_TASK DIRECTIONS_
Repeat, exactly as written, the line containing "ltac:(lra) ltac:(lra) Hincr)" and each line after it through the end of the data.

TASK INPUTS START

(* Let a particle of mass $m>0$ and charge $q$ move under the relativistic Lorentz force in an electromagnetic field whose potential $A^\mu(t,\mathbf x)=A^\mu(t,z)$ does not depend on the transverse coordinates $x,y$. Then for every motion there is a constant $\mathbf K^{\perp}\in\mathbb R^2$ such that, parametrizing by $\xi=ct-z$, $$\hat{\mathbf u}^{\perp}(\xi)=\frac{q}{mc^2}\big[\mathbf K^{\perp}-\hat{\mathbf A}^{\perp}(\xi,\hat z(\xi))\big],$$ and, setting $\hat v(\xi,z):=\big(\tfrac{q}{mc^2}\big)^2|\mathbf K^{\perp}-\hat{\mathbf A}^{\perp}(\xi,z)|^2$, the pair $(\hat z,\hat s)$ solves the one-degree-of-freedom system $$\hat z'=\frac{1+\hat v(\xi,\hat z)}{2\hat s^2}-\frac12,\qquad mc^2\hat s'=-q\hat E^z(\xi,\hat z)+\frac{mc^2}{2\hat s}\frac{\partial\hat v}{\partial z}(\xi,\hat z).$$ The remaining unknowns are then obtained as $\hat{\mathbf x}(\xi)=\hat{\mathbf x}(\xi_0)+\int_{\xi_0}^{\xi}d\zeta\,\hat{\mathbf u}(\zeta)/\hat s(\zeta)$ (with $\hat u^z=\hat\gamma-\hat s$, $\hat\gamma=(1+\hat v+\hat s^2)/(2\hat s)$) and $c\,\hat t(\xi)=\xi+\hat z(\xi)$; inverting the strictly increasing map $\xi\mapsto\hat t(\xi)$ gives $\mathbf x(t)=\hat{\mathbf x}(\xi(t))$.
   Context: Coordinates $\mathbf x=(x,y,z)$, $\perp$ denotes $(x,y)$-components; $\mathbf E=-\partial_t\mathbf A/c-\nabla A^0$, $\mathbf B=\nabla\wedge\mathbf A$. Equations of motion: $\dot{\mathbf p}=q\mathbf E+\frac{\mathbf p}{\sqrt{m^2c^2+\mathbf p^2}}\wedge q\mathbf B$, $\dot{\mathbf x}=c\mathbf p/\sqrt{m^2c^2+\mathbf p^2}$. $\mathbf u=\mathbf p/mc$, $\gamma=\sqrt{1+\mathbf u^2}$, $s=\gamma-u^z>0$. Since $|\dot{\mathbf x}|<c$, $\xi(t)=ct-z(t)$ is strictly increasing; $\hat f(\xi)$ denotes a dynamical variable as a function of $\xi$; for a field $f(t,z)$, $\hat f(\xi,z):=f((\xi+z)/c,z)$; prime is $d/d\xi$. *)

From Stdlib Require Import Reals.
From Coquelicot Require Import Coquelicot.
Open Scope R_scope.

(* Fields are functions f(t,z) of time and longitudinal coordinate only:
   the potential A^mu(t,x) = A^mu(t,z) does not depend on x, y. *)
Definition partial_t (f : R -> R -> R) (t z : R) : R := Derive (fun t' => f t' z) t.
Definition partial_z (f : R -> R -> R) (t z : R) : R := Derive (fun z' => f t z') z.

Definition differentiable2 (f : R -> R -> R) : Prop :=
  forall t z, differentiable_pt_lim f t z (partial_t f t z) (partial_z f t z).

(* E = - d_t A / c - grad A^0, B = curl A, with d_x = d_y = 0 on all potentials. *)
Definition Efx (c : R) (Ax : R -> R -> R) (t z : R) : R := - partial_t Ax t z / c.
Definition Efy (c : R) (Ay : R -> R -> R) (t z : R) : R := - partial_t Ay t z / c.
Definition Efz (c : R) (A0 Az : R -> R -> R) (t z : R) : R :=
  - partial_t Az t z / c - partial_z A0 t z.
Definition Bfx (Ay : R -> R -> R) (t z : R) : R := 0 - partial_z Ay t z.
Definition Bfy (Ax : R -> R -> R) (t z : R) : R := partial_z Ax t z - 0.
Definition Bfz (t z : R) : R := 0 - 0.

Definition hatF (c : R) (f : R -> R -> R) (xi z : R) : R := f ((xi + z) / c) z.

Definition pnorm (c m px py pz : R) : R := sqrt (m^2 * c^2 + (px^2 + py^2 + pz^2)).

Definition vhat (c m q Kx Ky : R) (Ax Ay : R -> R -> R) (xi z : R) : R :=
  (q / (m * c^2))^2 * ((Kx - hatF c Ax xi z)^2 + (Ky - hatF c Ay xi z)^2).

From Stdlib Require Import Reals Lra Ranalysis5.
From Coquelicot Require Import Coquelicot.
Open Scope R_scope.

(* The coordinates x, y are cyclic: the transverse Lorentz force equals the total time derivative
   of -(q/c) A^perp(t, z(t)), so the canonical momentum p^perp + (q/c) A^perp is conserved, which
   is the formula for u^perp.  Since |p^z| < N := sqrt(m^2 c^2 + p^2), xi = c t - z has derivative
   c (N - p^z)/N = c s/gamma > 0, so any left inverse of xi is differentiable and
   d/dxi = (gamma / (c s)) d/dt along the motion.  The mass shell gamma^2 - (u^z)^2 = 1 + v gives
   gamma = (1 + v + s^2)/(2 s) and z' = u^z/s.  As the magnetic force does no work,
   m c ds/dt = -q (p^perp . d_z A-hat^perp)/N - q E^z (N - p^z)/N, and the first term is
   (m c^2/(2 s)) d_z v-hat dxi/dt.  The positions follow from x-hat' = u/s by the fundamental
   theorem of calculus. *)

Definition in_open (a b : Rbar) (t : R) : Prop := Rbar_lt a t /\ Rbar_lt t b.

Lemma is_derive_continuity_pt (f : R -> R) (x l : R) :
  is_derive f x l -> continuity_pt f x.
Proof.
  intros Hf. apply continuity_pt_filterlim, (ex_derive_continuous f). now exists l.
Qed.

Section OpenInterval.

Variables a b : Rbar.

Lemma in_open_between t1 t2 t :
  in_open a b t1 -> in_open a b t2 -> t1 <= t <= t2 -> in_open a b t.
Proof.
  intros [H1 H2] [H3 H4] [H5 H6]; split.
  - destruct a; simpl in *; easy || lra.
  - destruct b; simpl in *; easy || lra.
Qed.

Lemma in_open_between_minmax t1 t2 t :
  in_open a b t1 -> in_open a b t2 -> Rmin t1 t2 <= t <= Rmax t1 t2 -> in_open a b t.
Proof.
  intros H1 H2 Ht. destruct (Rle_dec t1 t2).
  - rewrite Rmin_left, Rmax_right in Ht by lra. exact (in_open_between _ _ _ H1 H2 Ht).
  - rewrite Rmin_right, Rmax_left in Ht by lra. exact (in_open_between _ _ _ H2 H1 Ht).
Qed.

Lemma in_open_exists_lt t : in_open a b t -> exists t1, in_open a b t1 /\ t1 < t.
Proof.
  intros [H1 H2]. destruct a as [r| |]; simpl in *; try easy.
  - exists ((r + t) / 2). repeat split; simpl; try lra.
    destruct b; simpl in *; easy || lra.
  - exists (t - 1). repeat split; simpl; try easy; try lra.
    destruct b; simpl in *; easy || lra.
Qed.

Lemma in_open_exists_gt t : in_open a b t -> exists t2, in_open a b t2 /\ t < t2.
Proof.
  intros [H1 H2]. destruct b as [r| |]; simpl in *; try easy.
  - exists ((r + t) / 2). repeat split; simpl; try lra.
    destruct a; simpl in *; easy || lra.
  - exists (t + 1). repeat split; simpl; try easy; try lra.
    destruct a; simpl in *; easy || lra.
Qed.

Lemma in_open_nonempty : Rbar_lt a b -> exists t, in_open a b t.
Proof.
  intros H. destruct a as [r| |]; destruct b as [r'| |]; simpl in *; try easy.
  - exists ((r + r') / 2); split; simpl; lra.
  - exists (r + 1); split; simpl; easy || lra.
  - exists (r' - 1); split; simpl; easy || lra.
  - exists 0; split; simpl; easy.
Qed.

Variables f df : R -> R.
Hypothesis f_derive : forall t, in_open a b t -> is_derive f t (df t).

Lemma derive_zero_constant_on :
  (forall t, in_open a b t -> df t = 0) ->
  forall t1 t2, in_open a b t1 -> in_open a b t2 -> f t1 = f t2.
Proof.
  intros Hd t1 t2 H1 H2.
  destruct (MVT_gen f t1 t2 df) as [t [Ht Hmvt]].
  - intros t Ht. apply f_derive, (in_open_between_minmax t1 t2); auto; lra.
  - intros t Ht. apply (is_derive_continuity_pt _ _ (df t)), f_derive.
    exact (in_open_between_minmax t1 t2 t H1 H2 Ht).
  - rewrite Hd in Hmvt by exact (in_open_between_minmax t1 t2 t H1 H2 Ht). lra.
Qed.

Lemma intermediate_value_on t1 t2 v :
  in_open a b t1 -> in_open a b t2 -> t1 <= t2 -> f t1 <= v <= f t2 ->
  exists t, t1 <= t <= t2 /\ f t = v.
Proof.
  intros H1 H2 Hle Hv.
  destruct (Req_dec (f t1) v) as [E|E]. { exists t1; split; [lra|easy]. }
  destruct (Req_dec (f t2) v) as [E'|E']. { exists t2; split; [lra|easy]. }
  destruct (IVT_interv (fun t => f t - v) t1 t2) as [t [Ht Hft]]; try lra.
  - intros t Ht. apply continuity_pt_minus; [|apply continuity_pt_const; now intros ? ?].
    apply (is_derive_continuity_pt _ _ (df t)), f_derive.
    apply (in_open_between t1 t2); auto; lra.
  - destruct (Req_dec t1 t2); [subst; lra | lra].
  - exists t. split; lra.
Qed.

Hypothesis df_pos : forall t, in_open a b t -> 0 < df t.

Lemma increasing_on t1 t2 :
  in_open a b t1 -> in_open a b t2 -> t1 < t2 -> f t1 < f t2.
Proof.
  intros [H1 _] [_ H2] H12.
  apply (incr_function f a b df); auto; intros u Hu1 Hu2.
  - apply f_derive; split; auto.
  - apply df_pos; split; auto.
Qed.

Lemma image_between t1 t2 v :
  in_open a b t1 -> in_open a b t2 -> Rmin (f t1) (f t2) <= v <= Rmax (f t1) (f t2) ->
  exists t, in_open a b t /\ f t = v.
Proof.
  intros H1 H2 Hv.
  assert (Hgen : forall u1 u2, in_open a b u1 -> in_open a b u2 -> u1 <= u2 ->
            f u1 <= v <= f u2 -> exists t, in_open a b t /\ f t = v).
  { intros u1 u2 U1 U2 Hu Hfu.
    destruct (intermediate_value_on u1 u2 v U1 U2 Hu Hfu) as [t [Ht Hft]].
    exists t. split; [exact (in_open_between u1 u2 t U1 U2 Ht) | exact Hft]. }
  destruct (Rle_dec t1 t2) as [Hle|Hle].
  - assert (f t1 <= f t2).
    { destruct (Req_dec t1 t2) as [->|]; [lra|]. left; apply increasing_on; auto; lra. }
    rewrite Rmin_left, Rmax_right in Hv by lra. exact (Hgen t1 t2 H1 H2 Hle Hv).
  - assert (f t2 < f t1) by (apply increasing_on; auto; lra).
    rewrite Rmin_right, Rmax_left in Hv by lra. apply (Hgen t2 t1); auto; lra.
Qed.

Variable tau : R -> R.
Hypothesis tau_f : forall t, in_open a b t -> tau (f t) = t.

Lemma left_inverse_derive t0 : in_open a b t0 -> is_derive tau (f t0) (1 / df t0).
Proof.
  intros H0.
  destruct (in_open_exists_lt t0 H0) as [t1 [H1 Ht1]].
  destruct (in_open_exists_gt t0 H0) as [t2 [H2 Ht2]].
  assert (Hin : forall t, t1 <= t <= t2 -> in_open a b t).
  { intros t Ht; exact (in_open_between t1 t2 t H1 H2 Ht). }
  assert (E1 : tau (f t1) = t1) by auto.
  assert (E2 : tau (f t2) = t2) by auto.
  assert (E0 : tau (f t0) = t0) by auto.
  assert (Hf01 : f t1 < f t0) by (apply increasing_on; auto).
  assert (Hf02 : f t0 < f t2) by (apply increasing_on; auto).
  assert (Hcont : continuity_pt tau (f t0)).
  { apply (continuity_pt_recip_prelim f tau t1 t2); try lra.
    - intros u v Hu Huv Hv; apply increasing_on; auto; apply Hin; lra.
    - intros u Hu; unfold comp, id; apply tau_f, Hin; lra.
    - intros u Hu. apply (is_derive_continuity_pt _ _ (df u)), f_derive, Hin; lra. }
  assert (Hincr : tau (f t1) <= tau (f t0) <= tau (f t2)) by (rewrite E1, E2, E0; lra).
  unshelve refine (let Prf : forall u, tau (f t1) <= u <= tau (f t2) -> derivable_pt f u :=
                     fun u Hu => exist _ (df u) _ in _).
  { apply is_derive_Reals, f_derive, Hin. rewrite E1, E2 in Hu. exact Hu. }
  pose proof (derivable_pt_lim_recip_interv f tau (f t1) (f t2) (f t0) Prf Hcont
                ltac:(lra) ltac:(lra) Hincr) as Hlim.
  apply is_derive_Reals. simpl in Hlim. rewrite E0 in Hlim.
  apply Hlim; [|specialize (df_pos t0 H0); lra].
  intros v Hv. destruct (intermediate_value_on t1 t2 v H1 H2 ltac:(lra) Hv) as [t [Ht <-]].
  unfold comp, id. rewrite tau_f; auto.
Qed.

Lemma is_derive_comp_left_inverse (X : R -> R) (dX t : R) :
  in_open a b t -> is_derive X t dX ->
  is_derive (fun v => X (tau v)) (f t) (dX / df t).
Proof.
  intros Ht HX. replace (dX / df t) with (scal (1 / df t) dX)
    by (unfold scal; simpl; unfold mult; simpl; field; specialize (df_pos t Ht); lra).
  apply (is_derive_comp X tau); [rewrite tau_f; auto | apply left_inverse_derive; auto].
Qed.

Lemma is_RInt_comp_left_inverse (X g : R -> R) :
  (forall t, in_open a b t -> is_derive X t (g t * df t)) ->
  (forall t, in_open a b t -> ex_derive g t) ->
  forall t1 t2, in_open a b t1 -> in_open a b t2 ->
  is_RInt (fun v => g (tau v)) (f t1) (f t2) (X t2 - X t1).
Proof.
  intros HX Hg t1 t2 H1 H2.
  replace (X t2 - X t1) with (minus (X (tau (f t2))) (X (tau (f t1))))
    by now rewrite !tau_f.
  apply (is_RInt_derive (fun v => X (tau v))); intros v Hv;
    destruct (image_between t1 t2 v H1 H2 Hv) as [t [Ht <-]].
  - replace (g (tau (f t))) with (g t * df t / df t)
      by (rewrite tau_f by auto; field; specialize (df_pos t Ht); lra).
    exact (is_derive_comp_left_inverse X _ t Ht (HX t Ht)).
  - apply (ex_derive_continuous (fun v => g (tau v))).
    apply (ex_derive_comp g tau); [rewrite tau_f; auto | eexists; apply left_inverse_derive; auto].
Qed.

TASK INPUTS END

_RESPONSE AREA_
                ltac:(lra) ltac:(lra) Hincr) as Hlim.
  apply is_derive_Reals. simpl in Hlim. rewrite E0 in Hlim.
  apply Hlim; [|specialize (df_pos t0 H0); lra].
  intros v Hv. destruct (intermediate_value_on t1 t2 v H1 H2 ltac:(lra) Hv) as [t [Ht <-]].
  unfold comp, id. rewrite tau_f; auto.
Qed.

Lemma is_derive_comp_left_inverse (X : R -> R) (dX t : R) :
  in_open a b t -> is_derive X t dX ->
  is_derive (fun v => X (tau v)) (f t) (dX / df t).
Proof.
  intros Ht HX. replace (dX / df t) with (scal (1 / df t) dX)
    by (unfold scal; simpl; unfold mult; simpl; field; specialize (df_pos t Ht); lra).
  apply (is_derive_comp X tau); [rewrite tau_f; auto | apply left_inverse_derive; auto].
Qed.

Lemma is_RInt_comp_left_inverse (X g : R -> R) :
  (forall t, in_open a b t -> is_derive X t (g t * df t)) ->
  (forall t, in_open a b t -> ex_derive g t) ->
  forall t1 t2, in_open a b t1 -> in_open a b t2 ->
  is_RInt (fun v => g (tau v)) (f t1) (f t2) (X t2 - X t1).
Proof.
  intros HX Hg t1 t2 H1 H2.
  replace (X t2 - X t1) with (minus (X (tau (f t2))) (X (tau (f t1))))
    by now rewrite !tau_f.
  apply (is_RInt_derive (fun v => X (tau v))); intros v Hv;
    destruct (image_between t1 t2 v H1 H2 Hv) as [t [Ht <-]].
  - replace (g (tau (f t))) with (g t * df t / df t)
      by (rewrite tau_f by auto; field; specialize (df_pos t Ht); lra).
    exact (is_derive_comp_left_inverse X _ t Ht (HX t Ht)).
  - apply (ex_derive_continuous (fun v => g (tau v))).
    apply (ex_derive_comp g tau); [rewrite tau_f; auto | eexists; apply left_inverse_derive; auto].
Qed.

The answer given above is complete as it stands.